Warm pools are currently supported by `Jido.Browser.Adapters.AgentBrowser` and
`Jido.Browser.Adapters.Web`.

- AgentBrowser pools keep full warm daemon-backed sessions ready for checkout.
- Web pools keep reserved warmed profiles ready for checkout.
- `end_session/1` always recycles the checked-out worker and warms a replacement
  in the background.

For the `Web` adapter, pooled sessions are still browser sessions, not HTTP
fetches.
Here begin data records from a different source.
(* No randomized strategyproof mechanism for locating an obnoxious facility on $[0,1]$ has an approximation ratio better than $\sqrt{6/5}$ for the geometric mean of utilities.
   Context: Agents $i=1,\dots,n$ have private locations $x_i\in[0,1]$. A randomized mechanism $f$ maps each reported profile to a distribution over $[0,1]$; agent $i$'s utility from distribution $\pi$ is $\mathbb E_{y\sim\pi}|x_i-y|$, and $f$ is strategyproof if no agent can increase this expected utility by misreporting. The objective of $y$ is the geometric mean $\big(\prod_i|x_i-y|\big)^{1/n}$, and the mechanism's value is its expectation under $f(\mathbf x)$. The approximation ratio is the supremum over all numbers of agents and profiles of (optimal objective over deterministic $z\in[0,1]$)/(mechanism's value). *)

From HB Require Import structures.
From mathcomp Require Import all_boot all_order all_algebra.
From mathcomp Require Import all_classical all_reals all_analysis.
Set Implicit Arguments. Unset Strict Implicit. Unset Printing Implicit Defensive.
Import Order.TTheory GRing.Theory Num.Theory.
Local Open Scope classical_set_scope.
Local Open Scope ring_scope.

Definition profile (R : realType) (n : nat) := 'I_n -> R.

Definition valid_profile (R : realType) n (x : profile R n) : Prop :=
  forall i, 0 <= x i <= 1.

Definition mechanism (R : realType) :=
  forall n : nat, profile R n -> probability R R.

Definition mech_on_unit (R : realType) (f : mechanism R) : Prop :=
  forall n (x : profile R n), valid_profile x ->
    f n x `[0%R, 1%R]%classic = 1%E.

Definition exp_util (R : realType) (pi : probability R R) (t : R) : \bar R :=
  (\int[pi]_(y in `[0%R, 1%R]%classic) (`|t - y|)%:E)%E.

Definition upd (R : realType) n (x : profile R n) (i : 'I_n) (v : R) : profile R n :=
  fun j => if j == i then v else x j.

Definition strategyproof (R : realType) (f : mechanism R) : Prop :=
  forall n (x : profile R n) (i : 'I_n) (v : R),
    valid_profile x -> 0 <= v <= 1 ->
    (exp_util (f n (upd x i v)) (x i) <= exp_util (f n x) (x i))%E.

Definition geo_mean (R : realType) n (x : profile R n) (y : R) : R :=
  (\prod_(i < n) `|x i - y|) `^ (n%:R^-1).

Definition mech_value (R : realType) (f : mechanism R) n (x : profile R n) : \bar R :=
  (\int[f n x]_(y in `[0%R, 1%R]%classic) (geo_mean x y)%:E)%E.

(* Since the optimum is attained and is
   positive, this is equivalent to sup OPT/value <= rho. *)
Definition approx_at_most (R : realType) (f : mechanism R) (rho : R) : Prop :=
  forall n (x : profile R n), (0 < n)%N -> valid_profile x ->
    forall z : R, 0 <= z <= 1 ->
      ((geo_mean x z)%:E <= rho%:E * mech_value f x)%E.

From mathcomp Require Import all_boot all_order all_algebra.
From mathcomp Require Import all_classical all_reals all_analysis.
From mathcomp Require Import lra measurable_realfun.
Import Order.TTheory GRing.Theory Num.Theory.
Local Open Scope ring_scope.

(* Compare the truthful profile (1/4, 3/4) with the deviations (0, 3/4) and
   (1/4, 1).  On (0, 3/4) the geometric mean at y is sqrt (y |3/4 - y|), which
   is at most 9/25 + 19/100 |1/4 - y|, an affine function of the utility of the
   deviating agent, whose true location is 1/4; symmetrically on (1/4, 1).  By
   strategyproofness those utilities are at most the utilities u1, u2 of the
   two agents on (1/4, 3/4), and u1 + u2 <= 1 because |1/4 - y| + |3/4 - y| <= 1
   on [0, 1].  Hence the two values of the mechanism add up to at most
   2 * 9/25 + 19/100 = 91/100, while each optimum is at least 1/2 (at the far
   endpoint), so rho >= 100/91 > sqrt (6/5). *)

Lemma sqrtr_le_sqr (R : rcfType) (a b : R) : 0 <= b -> a <= b ^+ 2 -> Num.sqrt a <= b.
Proof.
by move=> b0 ab; rewrite -(ger0_norm b0) -sqrtr_sqr ler_sqrt // sqr_ge0.
Qed.

Lemma sqrt_mul_dist_le (R : rcfType) (y : R) : 0 <= y <= 1 ->
  Num.sqrt (y * `|3/4 - y|) <= 9/25 + 19/100 * `|1/4 - y|.
Proof.
move=> /andP[y0 y1].
apply: sqrtr_le_sqr; first by apply: addr_ge0 => //; apply: mulr_ge0.
have [y_le|y_gt] := leP y (1/4).
  have -> : `|3/4 - y| = 3/4 - y by apply: ger0_norm; lra.
  have -> : `|1/4 - y| = 1/4 - y by apply: ger0_norm; lra.
  have : 0 <= (1/4 - y) * y by apply: mulr_ge0; lra.
  nra.
have [y_le'|y_gt'] := leP y (3/4).
  have -> : `|3/4 - y| = 3/4 - y by apply: ger0_norm; lra.
  have -> : `|1/4 - y| = - (1/4 - y) by apply: ltr0_norm; lra.
  (* the gap is a quadratic in y, positive but nearly tangent at y = 61/200 *)
  have := sqr_ge0 (y - 61/200).
  nra.
have -> : `|3/4 - y| = - (3/4 - y) by apply: ltr0_norm; lra.
have -> : `|1/4 - y| = - (1/4 - y) by apply: ltr0_norm; lra.
have : 0 <= (y - 3/4) * (1 - y) by apply: mulr_ge0; lra.
nra.
Qed.

Lemma sqrt_quarter (R : rcfType) : Num.sqrt (1/4 : R) = 1/2.
Proof.
have -> : (1/4 : R) = (1/2) ^+ 2 by rewrite expr2; lra.
by rewrite sqrtr_sqr ger0_norm //; lra.
Qed.

Lemma dist_quarters_le1 (R : realFieldType) (y : R) : 0 <= y <= 1 ->
  `|1/4 - y| + `|3/4 - y| <= 1.
Proof.
move=> /andP[y0 y1].
have [y_le|y_gt] := leP y (1/4).
  by rewrite !ger0_norm; lra.
have [y_le'|y_gt'] := leP y (3/4).
  by rewrite ltr0_norm ?ger0_norm; lra.
by rewrite !ltr0_norm; lra.
Qed.

Definition pair_profile {R : realType} (a b : R) : profile R 2 :=
  fun j => if j == ord0 then a else b.

Section pair_profile.
Context {R : realType}.
Implicit Types a b v y : R.

Lemma valid_pair_profile a b :
  0 <= a <= 1 -> 0 <= b <= 1 -> valid_profile (pair_profile a b).
Proof. by move=> a01 b01 j; rewrite /pair_profile; case: ifP. Qed.

Lemma upd_pair_profile0 a b v : upd (pair_profile a b) ord0 v = pair_profile v b.
Proof. by apply: funext => j; rewrite /upd /pair_profile; case: eqP. Qed.

Lemma upd_pair_profile1 a b v : upd (pair_profile a b) ord_max v = pair_profile a v.
Proof. by apply: funext => -[[|[|]]]. Qed.

Lemma geo_mean_pair a b y :
  geo_mean (pair_profile a b) y = Num.sqrt (`|a - y| * `|b - y|).
Proof.
by rewrite /geo_mean !big_ord_recr big_ord0 /= mul1r powR12_sqrt ?mulr_ge0.
Qed.

Lemma geo_mean_left_dev_le y : 0 <= y <= 1 ->
  geo_mean (pair_profile 0 (3/4)) y <= 9/25 + 19/100 * `|1/4 - y|.
Proof.
move=> y01; rewrite geo_mean_pair sub0r normrN ger0_norm.
  exact: sqrt_mul_dist_le.
by case/andP: y01.
Qed.

Lemma geo_mean_right_dev_le y : 0 <= y <= 1 ->
  geo_mean (pair_profile (1/4) 1) y <= 9/25 + 19/100 * `|3/4 - y|.
Proof.
move=> /andP[y0 y1].
have y'01 : 0 <= 1 - y <= 1 by apply/andP; split; lra.
rewrite geo_mean_pair.
have -> : `|1/4 - y| * `|1 - y| = (1 - y) * `|3/4 - (1 - y)|.
  rewrite mulrC ger0_norm ?subr_ge0 // distrC.
  by congr (_ * `|_|); lra.
have -> : `|3/4 - y| = `|1/4 - (1 - y)|.
  by rewrite distrC; congr `|_|; lra.
exact: sqrt_mul_dist_le.
Qed.

End pair_profile.

Lemma measurable_dist (R : realType) (D : set R) (t : R) :
  measurable_fun D (fun y => `|t - y|).
Proof.
exact: measurableT_comp (@normr_measurable R setT)
  (measurable_funB (measurable_cst t) (@measurable_id _ _ D)).
Qed.

Lemma measurable_geo_mean (R : realType) (D : set R) n (x : profile R n) :
  measurable_fun D (geo_mean x).
Proof.
have prod_dist : measurable_fun D (fun y => \prod_(i < n) `|x i - y|).
  by apply: measurable_prod => i _; exact: measurable_dist.
exact: measurableT_comp (measurable_powR _) prod_dist.
Qed.

Section integral_bounds.
Context {R : realType} {mu : probability R R} {D : set R}.
Hypotheses (mD : measurable D) (muD : mu D = 1%E).
Local Open Scope ereal_scope.

Lemma integral_le_affine (g h : R -> R) (a b : R) : (0 <= a)%R -> (0 <= b)%R ->
  measurable_fun D g -> measurable_fun D h ->
  (forall y, D y -> 0 <= g y <= a + b * h y)%R -> (forall y, D y -> 0 <= h y)%R ->
  \int[mu]_(y in D) (g y)%:E <= a%:E + b%:E * \int[mu]_(y in D) (h y)%:E.
Proof.
move=> a0 b0 mg mh g_le h0.
have mbh : measurable_fun D (fun y => b%:E * (h y)%:E).
  by apply/measurable_EFinP; exact: measurable_funM (measurable_cst b) mh.
have h0E y : D y -> 0 <= (h y)%:E by move/h0; rewrite lee_fin.
rewrite -(ge0_integralZl_EFin _ mD h0E ((measurable_EFinP D h).2 mh)) //.
rewrite -[a%:E]mule1 -muD -integral_cst //.
have bh0 y : D y -> 0 <= b%:E * (h y)%:E by move=> Dy; rewrite mule_ge0 ?h0E.
have a0E y : D y -> 0 <= cst a%:E y by rewrite lee_fin.
rewrite -(ge0_integralD _ mD a0E (measurable_cst _) bh0 mbh).
apply: ge0_le_integral => //.
- by move=> y /g_le /andP[g0 _]; rewrite lee_fin.
- exact/measurable_EFinP.
- exact: emeasurable_funD (measurable_cst _) mbh.
- by move=> y /g_le /andP[_ g_le']; rewrite /= -EFinM -EFinD lee_fin.
Qed.

Lemma integral_le_cst (g : R -> R) (c : R) : (0 <= c)%R -> measurable_fun D g ->
  (forall y, D y -> 0 <= g y <= c)%R -> \int[mu]_(y in D) (g y)%:E <= c%:E.
Proof.
move=> c0 mg g_le.
rewrite -[c%:E]adde0 -[X in _ + X](mul0e (\int[mu]_(y in D) (cst 0%R y)%:E)).
apply: integral_le_affine => // y /g_le.
by rewrite mul0r addr0.
Qed.

End integral_bounds.

Lemma ratio_lower_bound {R : realFieldType} {v1 v2 : \bar R} {m1 m2 rho c : R} :
  0 < m1 -> (0 <= v1)%E -> (0 <= v2)%E -> (v1 + v2 <= c%:E)%E ->
  (m1%:E <= rho%:E * v1)%E -> (m2%:E <= rho%:E * v2)%E -> m1 + m2 <= rho * c.
Proof.
move=> m1_gt0; case: v1 => [r1| |]; case: v2 => [r2| |] //.
rewrite -EFinD -!EFinM !lee_fin => r1_ge0 r2_ge0 r12_le m1_le m2_le.
have [rho_le0|rho_gt0] := leP rho 0.
  by have := mulr_le0_ge0 rho_le0 r1_ge0; lra.
nra.
Qed.

Lemma mech_value_ge0 {R : realType} (f : mechanism R) {n} (x : profile R n) :
  (0 <= mech_value f x)%E.
Proof. by apply: integral_ge0 => y _; rewrite lee_fin powR_ge0. Qed.

Lemma exp_util_ge0 (R : realType) (pi : probability R R) (t : R) :
  (0 <= exp_util pi t)%E.
Proof. by apply: integral_ge0 => y _; rewrite lee_fin. Qed.

Section mechanism_bounds.
Context {R : realType} {f : mechanism R}.
Hypotheses (f_unit : mech_on_unit f) (f_sp : strategyproof f).
Local Notation I01 := (`[0%R, 1%R]%classic : set R).
Local Notation truthful := (pair_profile (1/4 : R) (3/4)).
Local Notation left_dev := (pair_profile (0 : R) (3/4)).
Local Notation right_dev := (pair_profile (1/4 : R) 1).
Local Open Scope ereal_scope.

Let mem_I01 y : I01 y -> (0 <= y <= 1)%R.
Proof. by rewrite /= in_itv. Qed.

Let valid_upd n (x : profile R n) i v :
  valid_profile x -> (0 <= v <= 1)%R -> valid_profile (upd x i v).
Proof. by move=> x01 v01 j; rewrite /upd; case: ifP. Qed.

Lemma mech_value_upd_le {n} {x : profile R n} (i : 'I_n) {v a b : R} :
  valid_profile x -> (0 <= v <= 1)%R -> (0 <= a)%R -> (0 <= b)%R ->
  (forall y, 0 <= y <= 1 -> geo_mean (upd x i v) y <= a + b * `|x i - y|)%R ->
  mech_value f (upd x i v) <= a%:E + b%:E * exp_util (f n x) (x i).
Proof.
move=> x01 v01 a0 b0 geo_le.
have upd01 : valid_profile (upd x i v) by exact: valid_upd.
have value_le : mech_value f (upd x i v) <=
    a%:E + b%:E * exp_util (f n (upd x i v)) (x i).
  apply: (integral_le_affine (measurable_itv _) (f_unit _ _ upd01)) => //.
  - exact: measurable_geo_mean.
  - exact: measurable_dist.
  - by move=> y /mem_I01 /geo_le ->; rewrite powR_ge0.
apply: le_trans value_le _; apply: leeD2l; apply: lee_wpmul2l (f_sp n x i v x01 v01).
by rewrite lee_fin.
Qed.

Let unit0 : (0 <= (0 : R) <= 1)%R. Proof. by rewrite lexx ler01. Qed.
Let unit1 : (0 <= (1 : R) <= 1)%R. Proof. by rewrite lexx ler01. Qed.

Let valid_truthful : valid_profile truthful.
Proof. by apply: valid_pair_profile; apply/andP; split; lra. Qed.

Lemma exp_util_quarters_le1 :
  exp_util (f 2%N truthful) (1/4) + exp_util (f 2%N truthful) (3/4) <= 1.
Proof.
have mI01 : measurable I01 by exact: measurable_itv.
have dist_ge0E (t y : R) : I01 y -> 0 <= (`|t - y|)%:E by rewrite lee_fin.
have mdistE t : measurable_fun I01 (fun y => (`|t - y|)%:E).
  by apply/measurable_EFinP; exact: measurable_dist.
rewrite /exp_util -(ge0_integralD _ mI01 (dist_ge0E _) (mdistE _) (dist_ge0E _) (mdistE _)).
under eq_integral do rewrite -EFinD.
apply: integral_le_cst => //.
- exact: f_unit.
- by apply: measurable_funD; exact: measurable_dist.
- by move=> y /mem_I01 y01; rewrite addr_ge0 //= dist_quarters_le1.
Qed.

Lemma mech_value_deviations_le :
  mech_value f left_dev + mech_value f right_dev <= (91/100)%:E.
Proof.
have a0 : (0 <= 9/25 :> R)%R by lra.
have b0 : (0 <= 19/100 :> R)%R by lra.
have := mech_value_upd_le ord0 valid_truthful unit0 a0 b0.
rewrite upd_pair_profile0 /= => /(_ geo_mean_left_dev_le) left_le.
have := mech_value_upd_le ord_max valid_truthful unit1 a0 b0.
rewrite upd_pair_profile1 /= => /(_ geo_mean_right_dev_le) right_le.
apply: le_trans (leeD left_le right_le) _.
rewrite addeACA -ge0_muleDr ?exp_util_ge0 //.
apply: le_trans (leeD2l _ (lee_wpmul2l _ exp_util_quarters_le1)) _.
  by rewrite lee_fin.
by rewrite mule1 -!EFinD lee_fin; lra.
Qed.

Lemma approx_left_dev {rho : R} : approx_at_most f rho ->
  (1/2)%:E <= rho%:E * mech_value f left_dev.
Proof.
move=> approx.
have valid_dev : valid_profile left_dev.
  by apply: valid_pair_profile; apply/andP; split; lra.
have := approx 2%N left_dev isT valid_dev 1%R unit1.
rewrite geo_mean_pair.
have -> : (`|0 - 1| * `|3/4 - 1| = 1/4 :> R)%R.
  by rewrite !ler0_norm; lra.
by rewrite sqrt_quarter.
Qed.

Lemma approx_right_dev {rho : R} : approx_at_most f rho ->
  (1/2)%:E <= rho%:E * mech_value f right_dev.
Proof.
move=> approx.
have valid_dev : valid_profile right_dev.
  by apply: valid_pair_profile; apply/andP; split; lra.
have := approx 2%N right_dev isT valid_dev 0%R unit0.
rewrite geo_mean_pair.
have -> : (`|1/4 - 0| * `|1 - 0| = 1/4 :> R)%R.
  by rewrite !ger0_norm; lra.
by rewrite sqrt_quarter.
Qed.

End mechanism_bounds.

Theorem theorem9 (R : realType) (f : mechanism R) :
  mech_on_unit f -> strategyproof f ->
  forall rho : R, approx_at_most f rho -> Num.sqrt (6 / 5) <= rho.
Proof.
move=> f_unit f_sp rho approx.
have : 1/2 + 1/2 <= rho * (91/100).
  apply: (ratio_lower_bound _ (mech_value_ge0 f _) (mech_value_ge0 f _)
    (mech_value_deviations_le f_unit f_sp) (approx_left_dev approx) (approx_right_dev approx)).
  lra.
move=> rho_ge; apply: sqrtr_le_sqr; nra.
Qed.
Use `web_fetch/2` when you want the simplest request/response API
without browser state.

### Plugin Setup

```elixir
defmodule MyBrowsingAgent do
  use Jido.Agent,
    name: "browser_agent",
    plugins: [
      {Jido.Browser.Plugin,
       [
         adapter: Jido.Browser.Adapters.AgentBrowser,
         pool: :default,
         checkout_timeout: 5_000,
         headless: true,
         timeout: 30_000
       ]}
    ]
end
```

## Configuration

```elixir
config :jido_browser,
  adapter: Jido.Browser.Adapters.AgentBrowser

config :jido_browser, :agent_browser,
  binary_path: "/usr/local/bin/agent-browser",
  headed: false
```

Other adapters can still be configured explicitly:

```elixir
config :jido_browser, :vibium,
  binary_path: "/path/to/vibium"

config :jido_browser, :web,
  binary_path: "/usr/local/bin/web",
  profile: "default"
```

Optional web fetch settings:

```elixir
config :jido_browser, :web_fetch,
  cache_ttl_ms: 300_000,
  extractous: [
    pdf: [extract_annotation_text: true],
    office: [include_headers_and_footers: true]
  ]
```

Configured `extractous` options are merged with any per-call `extractous:` keyword options passed to `Jido.Browser.web_fetch/2`.

## Backends

### AgentBrowser (Default)

- native snapshot support with refs
- supervised daemon per session
- optional warm session pools with explicit checkout
- direct JSON IPC from Elixir
- built-in state save/load and tab management support

### Vibium (Legacy)

- retained for transitional compatibility
- feature-frozen in 2.0

### Web (Legacy)

- retained for transitional compatibility
- feature-frozen in 2.0

## Public API

Core operations:

- `start_pool/1`
- `stop_pool/1`
- `start_session/1`
- `end_session/1`
- `navigate/3`
- `click/3`
- `type/4`
- `screenshot/2`
- `extract_content/2`
- `web_fetch/2`
- `evaluate/3`

Agent-browser-native operations:

- `snapshot/2`
- `wait_for_selector/3`
- `wait_for_navigation/2`
- `query/3`
- `get_text/3`
- `get_attribute/4`
- `is_visible/3`
- `save_state/3`
- `load_state/3`
- `list_tabs/2`
- `new_tab/3`
- `switch_tab/3`
- `close_tab/3`
- `console/2`
- `errors/2`

## Available Actions

### Session

- `StartSession`
- `EndSession`
- `GetStatus`
- `SaveState`
- `LoadState`

### Navigation

- `Navigate`
- `Back`
- `Forward`
- `Reload`
- `GetUrl`
- `GetTitle`

### Interaction

- `Click`
- `Type`
- `Hover`
- `Focus`
- `Scroll`
- `SelectOption`

### Waiting and Queries

- `Wait`
- `WaitForSelector`
- `WaitForNavigation`
- `Query`
- `GetText`
- `GetAttribute`
- `IsVisible`

### Content and Diagnostics

- `Snapshot`
- `Screenshot`
- `ExtractContent`
- `Console`
- `Errors`

### Tabs

- `ListTabs`
- `NewTab`
- `SwitchTab`
- `CloseTab`

### Advanced and Composite

- `Evaluate`
- `ReadPage`
- `SnapshotUrl`
- `SearchWeb`
- `WebFetch`

## Using With Jido Agents

```elixir
defmodule MyBrowsingAgent do
  use Jido.Agent,
    name: "web_browser",
    description: "An agent that can browse the web",
    plugins: [{Jido.Browser.Plugin, [headless: true]}]
end
```

`Jido.Browser.Plugin` now exposes 37 browser actions, including snapshot/refs workflows, browser state actions, diagnostics, and tab management.

## License

Apache-2.0 - See [LICENSE](LICENSE) for details.